The reports say that M meteors (1 ≤ M ≤ 50,000) will strike, with meteor i will striking point (Xi, Yi) (0 ≤ Xi ≤ 300; 0 ≤ Yi ≤ 300) at time Ti (0 ≤ Ti ≤ 1,000). Each meteor destroys the point that it strikes and also the four rectilinearly adjacent lattice points.
Bessie leaves the origin at time 0 and can travel in the first quadrant and parallel to the axes at the rate of one distance unit per second to any of the (often 4) adjacent rectilinear points that are not yet destroyed by a meteor. She cannot be located on a point at any time greater than or equal to the time it is destroyed).

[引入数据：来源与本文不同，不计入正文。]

Lemma exists_small_order_stat_null (R : realFieldType) (k n : nat) (hkn : (k < n)%N)
    (eps : R) : 0 < eps ->
  exists h : nat -> R, [/\ order_stat_null (ltnW hkn) h,
    exists2 l, (l < n)%N & h l != 0 & forall l, `|h l| <= eps].
Proof.
move=> eps_gt0; pose incr (s : 'S_n) := increasing (perm_prefix (ltnW hkn) s).
pose M : 'M[R]_(n, k) :=
  \matrix_(l, j) \sum_(s | incr s) (perm_prefix (ltnW hkn) s j == l)%:R.
have [v v_neq0 vM0] := exists_nonzero_left_kernel M hkn.
pose scale := eps / (1 + \sum_i `|v 0 i|).
have v_ge0 : 0 <= \sum_i `|v 0 i| by apply: sumr_ge0.
have scale_gt0 : 0 < scale by rewrite divr_gt0 // ltr_wpDr.
pose h l := scale * oapp (v 0) 0 (insub l).
have hE (i : 'I_n) : h i = scale * v 0 i by rewrite /h valK.
exists h; split.
- move=> j; transitivity (scale * (v *m M) 0 j); last by rewrite vM0 mxE mulr0.
  rewrite !mxE mulr_sumr; under [RHS]eq_bigr do rewrite mxE !mulr_sumr.
  rewrite exchange_big /=; apply: eq_bigr => s _.
  rewrite (bigD1 (perm_prefix (ltnW hkn) s j)) //= eqxx mulr1 big1 ?addr0 ?hE // => l.
  by rewrite eq_sym => /negbTE ->; rewrite !mulr0.
- have [l vl_neq0] : exists l, v 0 l != 0.
    apply/existsP; apply: contraR v_neq0 => /existsPn v0.
    by apply/eqP/rowP => l; rewrite mxE; apply/eqP/negbNE/v0.
  by exists l => //; rewrite hE mulf_neq0 // lt0r_neq0.
- move=> l; rewrite /h; case: insubP => [i _ _ | _] /=; last by rewrite mulr0 normr0 ltW.
  rewrite normrM gtr0_norm // -[leRHS](divfK (lt0r_neq0 (ltr_wpDr v_ge0 ltr01))).
  rewrite -/scale ler_wpM2l ?(ltW scale_gt0) //.
  by rewrite (bigD1 i) //= addrCA lerDl addr_ge0 ?sumr_ge0.
Qed.

Lemma separated_near_geometric (R : realFieldType) (n : nat) (K : R) (y : nat -> R) :
    1 <= K -> (0 < n)%N ->
    (forall l, (l < n)%N -> `|y l - (2 * K)^-1 ^+ (n - l)| <= (2 * K)^-1 ^+ n / 4) ->
  separated n K y.
Proof.
move=> K_ge1 n_gt0 y_near; set eta := (2 * K)^-1; pose g l := eta ^+ (n - l).
have K_gt0 : 0 < K by apply: lt_le_trans K_ge1.
have eta_gt0 : 0 < eta by rewrite invr_gt0 mulr_gt0.
have eta_le1 : eta <= 1 by rewrite invf_le1 ?mulr_gt0 //; lra.
have Keta : K * eta = 2^-1 by rewrite /eta invfM mulrCA mulfV ?mulr1 // gt_eqF.
have g_gt0 l : 0 < g l by rewrite exprn_gt0.
have g_ge l : eta ^+ n <= g l.
  exact: (ler_wiXn2l (ltW eta_gt0) eta_le1 (leq_subr l n)).
have g_step l : (l.+1 < n)%N -> g l.+1 = 2 * K * g l.
  move=> ltln; rewrite /g -(subnSK (ltnW ltln)) exprS mulrA /eta mulfV ?mul1r //.
  by rewrite gt_eqF // mulr_gt0.
have g_last : g n.-1 = eta by rewrite /g -{1}(prednK n_gt0) subSnn expr1.
have y_near_g l l' : (l' < n)%N -> `|y l' - g l'| <= g l / 4.
  by move=> ltl'n; apply: le_trans (y_near l' ltl'n) _; rewrite ler_pM2r.
have Ky_le l : (l < n)%N -> K * (y l - g l) <= K * (g l / 4).
  by move=> ltln; rewrite ler_pM2l // (le_trans (ler_norm _)) ?(y_near_g l).
split.
- have := y_near_g 0%N 0%N n_gt0; rewrite ler_norml => /andP[y0_lo _].
  by have := g_gt0 0%N; lra.
- move=> l ltln; have := Ky_le l (ltnW ltln); have := y_near_g l _ ltln.
  rewrite ler_norml g_step // => /andP[y_lo _].
  have := g_gt0 l; have : g l <= K * g l by rewrite ler_peMl // ltW.
  have : 0 < K * g l by rewrite mulr_gt0.
  lra.
- have ltn1n : (n.-1 < n)%N by rewrite ltn_predL.
  by have := Ky_le _ ltn1n; rewrite g_last; lra.
Qed.

Section SegmentConfig.
Variables (R : realType) (d n : nat) (a b : 'rV[R]_d).

Definition seg_config (y : nat -> R) : 'M[R]_(n, d) :=
  \matrix_(l, j) ((1 - y l) * a 0 j + y l * b 0 j).

Lemma row_seg_config y l : row l (seg_config y) = (1 - y l) *: a + y l *: b.
Proof. by apply/rowP => j; rewrite !mxE. Qed.

Lemma janossy_seg_config (k m : nat) (hkn : (k <= n)%N)
    (f : 'rV[R]_(k * d) -> 'rV[R]_m) y :
  janossy hkn f (seg_config y) =
  ((n - k)`!%:R)^-1 *: \sum_s f (seg_tuple a b (fun i => y (perm_prefix hkn s i))).
Proof.
congr (_ *: _); apply: eq_bigr => s _; congr (f (mxvec _)).
by apply/matrixP => i j; rewrite !mxE.
Qed.

Lemma seg_config_perm_eq (y y' : nat -> R) : a != b ->
    (forall i j, (i < j)%N -> (j < n)%N -> y i < y j) ->
    (forall i j, (i < j)%N -> (j < n)%N -> y' i < y' j) ->
    perm_eq (rows_seq (seg_config y)) (rows_seq (seg_config y')) ->
  forall l, (l < n)%N -> y l = y' l.
Proof.
move=> a_neq_b y_incr y'_incr rows_perm l ltln.
have [j ab_j] : exists j, b 0 j - a 0 j != 0.
  apply/existsP; apply: contraR a_neq_b => /existsPn ab_eq.
  by apply/eqP/rowP => j; apply/eqP; rewrite eq_sym -subr_eq0; apply/negbNE/ab_eq.
pose coord (r : 'rV[R]_d) := (r 0 j - a 0 j) / (b 0 j - a 0 j).
have coord_rows z : map coord (rows_seq (seg_config z)) = map z (iota 0 n).
  rewrite /rows_seq -map_comp -val_enum_ord -map_comp; apply: eq_map => i /=.
  by rewrite row_seg_config /coord !mxE; field.
have sorted_map (z : nat -> R) : (forall i j, (i < j)%N -> (j < n)%N -> z i < z j) ->
    sorted <%R (map z (iota 0 n)).
  move=> z_incr; apply: (@homo_sorted_in _ _ (gtn n)); last exact: iota_ltn_sorted.
    by move=> i1 lt_i1n i2 lt_i2n /= lt_i12; apply: z_incr.
  by apply/allP => i; rewrite mem_iota.
have := lt_sorted_eq (sorted_map _ y_incr) (sorted_map _ y'_incr).
rewrite -!coord_rows => /(_ (perm_mem (perm_map coord rows_perm))).
move/(congr1 (nth 0 ^~ l)).
by rewrite !coord_rows !(nth_map 0) ?size_iota // nth_iota.
Qed.

End SegmentConfig.

Section JanossyShift.
Variables (R : realType) (d k m n : nat) (hkn : (k <= n)%N).
Variables (a b : 'rV[R]_d) (f : 'rV[R]_(k * d) -> 'rV[R]_m).
Variables (p : nat) (P : 'I_p -> set 'rV[R]_(k * d)).
Variables (A : 'I_p -> 'M[R]_(k * d, m)) (c : 'I_p -> 'rV[R]_m) (K : R).
Hypotheses (P_cover : forall y, exists i, P i y)
  (f_affine : forall i y, P i y -> f y = y *m A i + c i)
  (P_same_order : forall i (x x' : nat -> R) (iota iota' : 'I_k -> 'I_n),
     separated n K x -> separated n K x' -> injective iota -> same_order iota iota' ->
     P i (seg_tuple a b (fun j => x (iota j))) <->
     P i (seg_tuple a b (fun j => x' (iota' j)))).

Lemma janossy_seg_config_shift (x h : nat -> R) :
    separated n K x -> separated n K (fun l => x l + h l) -> order_stat_null hkn h ->
  janossy hkn f (seg_config n a b x) =
  janossy hkn f (seg_config n a b (fun l => x l + h l)).
Proof.
move=> x_sep xh_sep h_null; rewrite !janossy_seg_config; congr (_ *: _).
pose tuple y s := seg_tuple a b (fun i => y (perm_prefix hkn s i) : R).
have [i0 _] := P_cover 0.
(* [pick] selects the first piece containing the tuple, so by separation [piece s] depends only
   on the order pattern of [perm_prefix hkn s]. *)
pose piece s := odflt i0 [pick i | `[< P i (tuple x s) >] ].
have pieceP s : P (piece s) (tuple x s).
  rewrite /piece; case: pickP => [i /asboolP // | no_piece].
  by have [i Pi] := P_cover (tuple x s); move: (no_piece i); rewrite asboolT.
have piece_order s1 s2 : same_order (perm_prefix hkn s1) (perm_prefix hkn s2) ->
    piece s1 = piece s2.
  move=> s12; congr odflt; apply: eq_pick => i; apply: asbool_equiv_eq.
  exact: (P_same_order i x_sep x_sep (@perm_prefix_inj _ _ _ s1) s12).
apply/eqP; rewrite eq_sym -subr_eq0 -sumrB; apply/eqP.
rewrite -[RHS](janossy_cancel (fun i j => seg_dir a b j *m A i) piece_order h_null).
apply: eq_bigr => s _.
have xh_piece : P (piece s) (tuple (fun l => x l + h l) s).
  by apply/(P_same_order (piece s) x_sep xh_sep (@perm_prefix_inj _ _ _ s)) => // ? ?.
rewrite (f_affine xh_piece) (f_affine (pieceP s)) opprD addrACA subrr addr0.
rewrite -mulmxBl seg_tupleB mulmx_suml; apply: eq_bigr => i _.
by rewrite addrAC subrr add0r scalemxAl.
Qed.

End JanossyShift.

Lemma CPwL_janossy_seg_config_shift (R : realType) (d k m n : nat) (hkn : (k <= n)%N)
    (a b : 'rV[R]_d) (f : 'rV[R]_(k * d) -> 'rV[R]_m) :
  CPwL f -> exists K : R, 1 <= K /\ forall x h : nat -> R,
    separated n K x -> separated n K (fun l => x l + h l) -> order_stat_null hkn h ->
    janossy hkn f (seg_config n a b x) =
    janossy hkn f (seg_config n a b (fun l => x l + h l)).
Proof.
case=> _ [p [P [[P_poly _ P_cup _] f_affine]]].
have affine_piece i : exists Ac : 'M[R]_(k * d, m) * 'rV[R]_m,
    forall y, P i y -> f y = y *m Ac.1 + Ac.2.
  by have [A [c Ac]] := f_affine i; exists (A, c).
have [Ac AcP] := choice affine_piece.
have P_cover y : exists i, P i y.
  by have : [set: 'rV[R]_(k * d)] y by []; rewrite -P_cup => -[i _ Piy]; exists i.
have [K [K_ge1 P_same_order]] :=
  bound_upward_closed_fin (fun i => polytope_seg_tuple_same_order n a b (P_poly i)).
exists K; split=> // x h.
exact: (janossy_seg_config_shift (A := fun i => (Ac i).1) (c := fun i => (Ac i).2)).
Qed.

Theorem theorem3p1 (R : realType) (d k m n : nat)
    (hd : (1 <= d)%N) (hk : (1 <= k)%N) (hm : (1 <= m)%N) (hkn : (k < n)%N)
    (C : set 'rV[R]_d)
    (hC : exists a b : 'rV[R]_d, a != b /\
          forall t : R, 0 <= t <= 1 -> C ((1 - t) *: a + t *: b))
    (f : 'rV[R]_(k * d) -> 'rV[R]_m) (hf : CPwL f) :
  exists W W' : 'M[R]_(n, d),
    (forall i, C (row i W)) /\ (forall i, C (row i W')) /\
    ~~ perm_eq (rows_seq W) (rows_seq W') /\
    janossy (ltnW hkn) f W = janossy (ltnW hkn) f W'.
Proof.
have [a [b [a_neq_b segment_in_C]]] := hC.
have [K [K_ge1 F_shift]] := CPwL_janossy_seg_config_shift (ltnW hkn) a b hf.
have n_gt0 : (0 < n)%N := leq_ltn_trans (leq0n k) hkn.
pose x l := (2 * K)^-1 ^+ (n - l).
have eps_gt0 : 0 < (2 * K)^-1 ^+ n / 4.
  by rewrite divr_gt0 // exprn_gt0 // invr_gt0 mulr_gt0 // (lt_le_trans ltr01).
have [h [h_null [l0 l0_lt_n hl0_neq0] h_small]] :=
  exists_small_order_stat_null hkn eps_gt0.
pose x' l := x l + h l.
have x_sep : separated n K x.
  by apply: separated_near_geometric => // l _; rewrite /x subrr normr0 ltW.
have x'_sep : separated n K x'.
  by apply: separated_near_geometric => // l _; rewrite /x' /x addrAC subrr add0r h_small.
have in_C y : separated n K y -> forall l : 'I_n, C (row l (seg_config n a b y)).
  move=> y_sep l; rewrite row_seg_config; apply: segment_in_C.
  by rewrite ltW ?(separated_gt0 K_ge1 y_sep) ?(separated_le1 K_ge1 y_sep).
exists (seg_config n a b x), (seg_config n a b x').
split; first exact: in_C; split; first exact: in_C; split; last exact: F_shift.
apply/negP => /(seg_config_perm_eq a_neq_b (separated_increasing K_ge1 x_sep)
  (separated_increasing K_ge1 x'_sep)) /(_ l0 l0_lt_n) /eqP.
by rewrite /x' -subr_eq0 opprD addrA subrr add0r oppr_eq0 (negbTE hl0_neq0).
Qed.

Determine the minimum time it takes Bessie to get to a safe place.
Input
* Line 1: A single integer: M
* Lines 2..M+1: Line i+1 contains three space-separated integers: Xi, Yi, and Ti
Output
* Line 1: The minimum time it takes Bessie to get to a safe place or -1 if it is impossible.
Sample Input
4
0 0 2
2 1 2
1 1 2
0 3 5
Sample Output
5
广搜。
这是一道关于广搜,炸弹在一定时间爆炸问题,需要注意的是炸弹爆炸的时候,周围四个方向(上 下 左 右 )都会在同一时间爆炸。在这里,需要用memeset将数据初始化为最小值或者最大值。这道题用队列进行查找最安全的路,在输入数据的时候,一定要注意根性最小值的方法,如果向下面第一组数据一样,虽然运行会对,但是每一次提交却一直WA,
会不会很伤心,下面是大家认为看着是对的但提交会错核心部分
scanf("%d%d%d",&a,&b,&c);
turn[4][2] = {1,0,0,1,0,-1,-1,0}
if(c <= e[a][b]) //注意加等于号,不然周围的四个方向不能够改变数值
{
e[a][b] = c;
for(int k = 0; k < 4; k++)
{
tx = a + turn[k][0];
ty = b + turn[k][1];
if(tx >= 0 && ty >= 0 && tx <= 410 && ty <= 410)
{
if(c < e[tx][ty])
e[tx][ty] = c;
}
}
}
但如果改变更新最小值的方法,答案就对。正确方法具体内容如下:
turn[5][2] = {1,0,0,1,0,-1,-1,0,0,0}
for( int i = 0; i < 5; i++ )
{
int tx = a + turn[i][0];
int ty = b + turn[i][1];
if( tx<0 || ty<0 ) continue;
if( e[tx][ty] == inf ) //我这里开始数据初始化为最大值。
e[tx][ty] = c;
else
e[tx][ty] = min(c,e[tx][ty]);
}
值得注意的是,不要想着那路已经走过了,就不用标记了,其实还是有必要标记一下的,不然会超时的
#include<queue>
#include<stdio.h>
#include<string.h>
#include<algorithm>
using namespace std;
#define inf 0x3f3f3f3f
int turn[5][2] = {1,0,0,1,0,-1,-1,0,0,0};
int e[310][310], flag, book[310][310];
struct note
{
int x,y,s;
} f[90100];
void bfs()
{
queue<note>Q;
note now,tmp;
now.x = 0;
now.y = 0;
now.s = 0;
Q.push(now);
while(!Q.empty())
{
now = Q.front();
Q.pop();
if(e[0][0] == inf )
{
flag = 1;
printf("%d\n",now.s);
return ;
}
for(int i = 0; i < 4; i++)
{
tmp.x = now.x + turn[i][0];
tmp.y = now.y + turn[i][1];
tmp.s = now.s + 1;
if(tmp.x >= 0 && tmp.x <= 310 && tmp.y >= 0 && tmp.y <= 310)
{
if(e[tmp.x][tmp.y] == inf )
{
flag = 1;
printf("%d\n",tmp.s);
return ;
}
if(e[tmp.x][tmp.y] > tmp.s && !book[tmp.x][tmp.y] )
{
book[tmp.x][tmp.y] = 1;
Q.push(tmp);
}
}
}
}
return ;
}
int main()
{
int n;
while(~scanf("%d",&n))
{
// for(int i = 0; i <= 310; i++)
// for(int j = 0; j <= 310; j++)
// e[i][j] = inf;
memset(e,inf,sizeof(e));
int a,b,c,tx,ty;
for(int i = 0; i < n; i++)
{
scanf("%d%d%d",&a,&b,&c);
for( int j = 0; j < 5; j++ )
{
int tx = a + turn[j][0];
int ty = b + turn[j][1];
if( tx<0 || ty<0 ) continue;
e[tx][ty] = min(c,e[tx][ty]);
}
}
flag = 0;
memset(book,0,sizeof(book));
book[0][0] = 1;
bfs();
if(!flag)
printf("-1\n");
}
return 0;